La distanza sociale teorizzata dall’antropologo Edward Hall richiama la situazione particolarmente difficile
che stiamo vivendo. Il “Covid-19” è entrato in maniera prepotente nella nostra quotidianità, costringendo
tutti noi a modificare le nostre abitudini, i comportamenti, stile di vita, rimanendo confinati all’interno delle
nostre abitazioni. Per rallentare ed evitare la diffusione di questa malattia contagiosa, è essenziale
mantenere la distanza sociale. L’isolamento, a cui tutti noi siamo stati costretti, ha porta l’individuo ad
utilizzare la comunicazione digitale, per ricercare un contatto tra le persone.

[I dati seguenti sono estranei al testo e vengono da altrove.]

Section Grid.
Variables (R : realType) (d : nat) (dO : measure_display) (Omega : measurableType dO)
  (P : probability Omega R) (hat : Omega -> set 'rV[R]_d).
Hypothesis hpp : point_process hat.
Variables (D q : R).
Hypotheses (D0 : 0 < D) (hD : vacancy_submultiplicative P hat D).
Hypothesis hq : forall v, (P (vacant hat (box v 1)) <= q%:E)%E.
Variables (l : R) (m : nat).

(* Unit cells at spacing D + 1 along each axis, so distinct cells are D apart. *)
Definition grid_cell (k : {ffun 'I_d -> 'I_m}) : set 'rV[R]_d :=
  box (\row_i (- l + (k i)%:R * (D + 1))) 1.

Definition grid_cells (s : seq {ffun 'I_d -> 'I_m}) : set 'rV[R]_d :=
  \big[setU/set0]_(k <- s) grid_cell k.

Lemma grid_cellsP s x : grid_cells s x -> exists2 k, k \in s & grid_cell k x.
Proof.
elim: s => [|k s ih]; first by rewrite /grid_cells big_nil.
rewrite /grid_cells big_cons => -[kx|/ih[k' k's k'x]]; first by exists k; rewrite ?mem_head.
by exists k'; rewrite // in_cons k's orbT.
Qed.

Lemma borel_grid_cells s : borel (grid_cells s).
Proof.
elim: s => [|k s ih]; rewrite /grid_cells ?big_nil ?big_cons.
  exact: sigma_algebra0.
by apply: borelU => //; exact: borel_box.
Qed.

Lemma bounded_grid_cells s : Defs.bounded_set (grid_cells s).
Proof.
elim: s => [|k s ih]; rewrite /grid_cells ?big_nil ?big_cons; first by exists 0.
by apply: bounded_setU => //; exact: bounded_box.
Qed.

Lemma dist_ge_grid_cell k k' : k != k' -> dist_ge (grid_cell k) (grid_cell k') D.
Proof.
move=> kk' a b ak bk'; have [i ki] : exists i, k i != k' i.
  by apply/existsP; apply: contraR kk' => /existsPn kk'; apply/eqP/ffunP => i; apply/eqP/negPn.
apply: le_trans (normr_coord_le_enorm _ i); rewrite !mxE.
have := ak i; have := bk' i; rewrite !mxE => /andP[b1 b2] /andP[a1 a2].
have D1 : 0 <= D + 1 by rewrite addr_ge0 ?ltW.
have [kk'i|k'ki] : ((k i)%:R + 1 <= (k' i)%:R :> R) \/ ((k' i)%:R + 1 <= (k i)%:R :> R).
- rewrite !natr1 !ler_nat.
  by case: ltngtP => [_|_|eq_ki]; [left | right | move: ki; rewrite -val_eqE /= eq_ki eqxx].
- by have := ler_wpM2r D1 kk'i; rewrite ler_normr => prod; apply/orP; right; lra.
- by have := ler_wpM2r D1 k'ki; rewrite ler_normr => prod; apply/orP; left; lra.
Qed.

Lemma vacancy_grid_cells_le s : uniq s -> (P (vacant hat (grid_cells s)) <= (q ^+ size s)%:E)%E.
Proof.
elim: s => [_|k s ih /andP[ks us]].
  by rewrite expr0 probability_le1 //; apply: measurable_vacant => //; exact: borel_grid_cells.
rewrite /grid_cells big_cons -/(grid_cells s) exprS EFinM.
have dist_ks : dist_ge (grid_cell k) (grid_cells s) D.
  move=> a b ak /grid_cellsP[k' k's bk']; apply: dist_ge_grid_cell ak bk'.
  by apply: contraNneq ks => ->.
apply: le_trans (hD (borel_box _ _) (bounded_box _ _) (borel_grid_cells s)
  (bounded_grid_cells s) dist_ks) _.
by apply: lee_pmul => //; exact: ih.
Qed.

Lemma grid_cells_sub_cube : m%:R * (D + 1) <= l *+ 2 ->
  grid_cells (enum {ffun 'I_d -> 'I_m}) `<=` cube l.
Proof.
move=> mD x /grid_cellsP[k _ kx] i; have := kx i; rewrite !mxE => /andP[lo hi].
have D1 : 0 <= D + 1 by rewrite addr_ge0 ?ltW.
have ki : (k i)%:R + 1 <= m%:R :> R by rewrite natr1 ler_nat ltn_ord.
have := ler_wpM2r D1 ki; have := mulr_ge0 (ler0n R (k i)) D1.
by move: D0 mD; rewrite mulr2n => *; apply/andP; split; lra.
Qed.

Lemma vacancy_cube_le_grid : m%:R * (D + 1) <= l *+ 2 ->
  (P (vacant hat (cube l)) <= (q ^+ (m ^ d))%:E)%E.
Proof.
move=> mD; have -> : (m ^ d)%N = size (enum {ffun 'I_d -> 'I_m}).
  by rewrite -cardE card_ffun !card_ord.
apply: le_trans (vacancy_grid_cells_le (enum_uniq _)).
apply: le_measure; rewrite ?inE; last exact/subset_vacant/grid_cells_sub_cube.
- by apply: measurable_vacant => //; rewrite cube_box; exact: borel_box.
- by apply: measurable_vacant => //; exact: borel_grid_cells.
Qed.

End Grid.

Section ExponentialBounds.
Variable R : realType.

Lemma exprn_le_expR_ln (q x : R) (n : nat) :
  0 < q <= 1 -> x <= n%:R -> q ^+ n <= expR (ln q * x).
Proof.
move=> /andP[q0 q1] xn.
rewrite -[q in q ^+ n]lnK ?posrE // -expRM_natr ler_expR.
by have := ln_le0 q1; nra.
Qed.

Lemma expR_le_poly (d : nat) (c0 alpha : R) : (0 < d)%N -> 0 < c0 -> 0 < alpha ->
  exists kappa : R, 0 < kappa /\ forall l : R, 1 <= l ->
    expR (- c0 * l ^+ d) <= kappa * l `^ (- alpha).
Proof.
move=> d0 c00 a0.
have [n aN] : exists n : nat, alpha <= n.+1%:R.
  by exists (Num.truncn alpha); have /andP[_ /ltW] := truncn_itv (ltW a0).
set N := n.+1.
have fact0 : 0 < N`!%:R :> R by rewrite ltr0n fact_gt0.
exists (N`!%:R / c0 ^+ N); split => [|l l1]; first by rewrite divr_gt0 ?exprn_gt0.
have l0 : 0 < l := lt_le_trans ltr01 l1.
have ld : l <= l ^+ d.
  by case: d d0 => // d' _; rewrite exprS ler_peMr ?(ltW l0) ?exprn_ege1.
have exp_ge : (c0 * l) ^+ N / N`!%:R <= expR (c0 * l).
  apply: le_trans (expR_ge1Dxn n (ltW (mulr_gt0 c00 l0))); lra.
have powN : l `^ alpha <= l ^+ N by rewrite -powR_mulrn ?(ltW l0) // ler_powR.
apply: (@le_trans _ _ (expR (- (c0 * l)))).
  by rewrite ler_expR mulNr lerN2 ler_wpM2l ?(ltW c00).
rewrite expRN powRN (@le_trans _ _ (((c0 * l) ^+ N / N`!%:R)^-1)) //.
  by rewrite lef_pV2 ?posrE ?expR_gt0 ?divr_gt0 ?exprn_gt0 ?mulr_gt0.
rewrite invf_div exprMn invfM mulrA ler_wpM2l ?divr_ge0 ?exprn_ge0 ?(ltW c00) //.
by rewrite lef_pV2 ?posrE ?powR_gt0 ?exprn_gt0.
Qed.

End ExponentialBounds.

Section Decay.
Variables (R : realType) (d : nat) (dO : measure_display) (Omega : measurableType dO)
  (P : probability Omega R) (hat : Omega -> set 'rV[R]_d).
Hypothesis hpp : point_process hat.
Variables (D q : R).
Hypotheses (D0 : 0 < D) (hD : vacancy_submultiplicative P hat D).
Hypotheses (q01 : 0 < q < 1) (hq : forall v, (P (vacant hat (box v 1)) <= q%:E)%E).

Lemma vacancy_cube_le_pow (l : R) : 1 <= l ->
  exists2 k : nat, l / (D + 1) <= k%:R & (P (vacant hat (cube l)) <= (q ^+ (k ^ d))%:E)%E.
Proof.
move=> l1; have M0 : 0 < D + 1 by rewrite addr_gt0.
have [lM|Ml] := ltP l (D + 1).
  exists 1%N; first by rewrite ler_pdivrMr // mul1r ltW.
  rewrite exp1n expr1; apply: le_trans (hq 0); apply: le_measure; rewrite ?inE.
  - by apply: measurable_vacant => //; rewrite cube_box; exact: borel_box.
  - by apply: measurable_vacant => //; exact: borel_box.
  - by apply: subset_vacant; rewrite -unit_cube_box; exact: unit_cube_sub_cube.
have x0 : 0 <= l *+ 2 / (D + 1) by rewrite divr_ge0 ?ltW // mulr2n; lra.
have /andP[lo hi] := truncn_itv x0.
exists (Num.truncn (l *+ 2 / (D + 1))).
  have : 1 <= l / (D + 1) by rewrite ler_pdivlMr // mul1r.
  by move: hi; rewrite -natr1 mulr2n mulrDl; lra.
by apply: (vacancy_cube_le_grid hpp D0 hD hq); rewrite -ler_pdivlMr.
Qed.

Un esempio sono tutti i social
network come Facebook, Instagram e Twitter e le piattaforme come Skype, che consentono di effettuare
videochiamate e chat di gruppo.
Una riflessione specifica va dedicata agli effetti prodotti dalla rivoluzione telematica, cioè dall’irruzione
delle tecnologie informatiche nel campo della comunicazione. La nascita di nuovi strumenti di
comunicazione, i cosiddetti “mass media” costituiscono dei codici comunicativi propri che si avvalgono di
suoni, immagini e parole per veicolare le informazioni e colpiscono varie sfere sensoriali acquistando un
forte potere di impatto psicologico sui destinatari dei messaggi, rivolgendosi sempre a un grande numero di
utenti. Storicamente, siamo entrati nell’era dei mass media quando, “il messaggio ha potuto viaggiare più
velocemente del messaggero” Marshall McLuhan (1911- 1980). Secondo il sociologo canadese i mass media
non concernano soltanto la maggiore rapidità ed efficace delle comunicazioni, ma investono anche la
qualità dei rapporti sociali, arrivando a trasformare interamente l’uomo. Grazie ai notiziari televisivi e a
Internet, che hanno assunto un ruolo centrale nell’ambito della comunicazione, l’uomo può conoscere in
tempo reale ciò che avviene in ogni angolo del pianeta.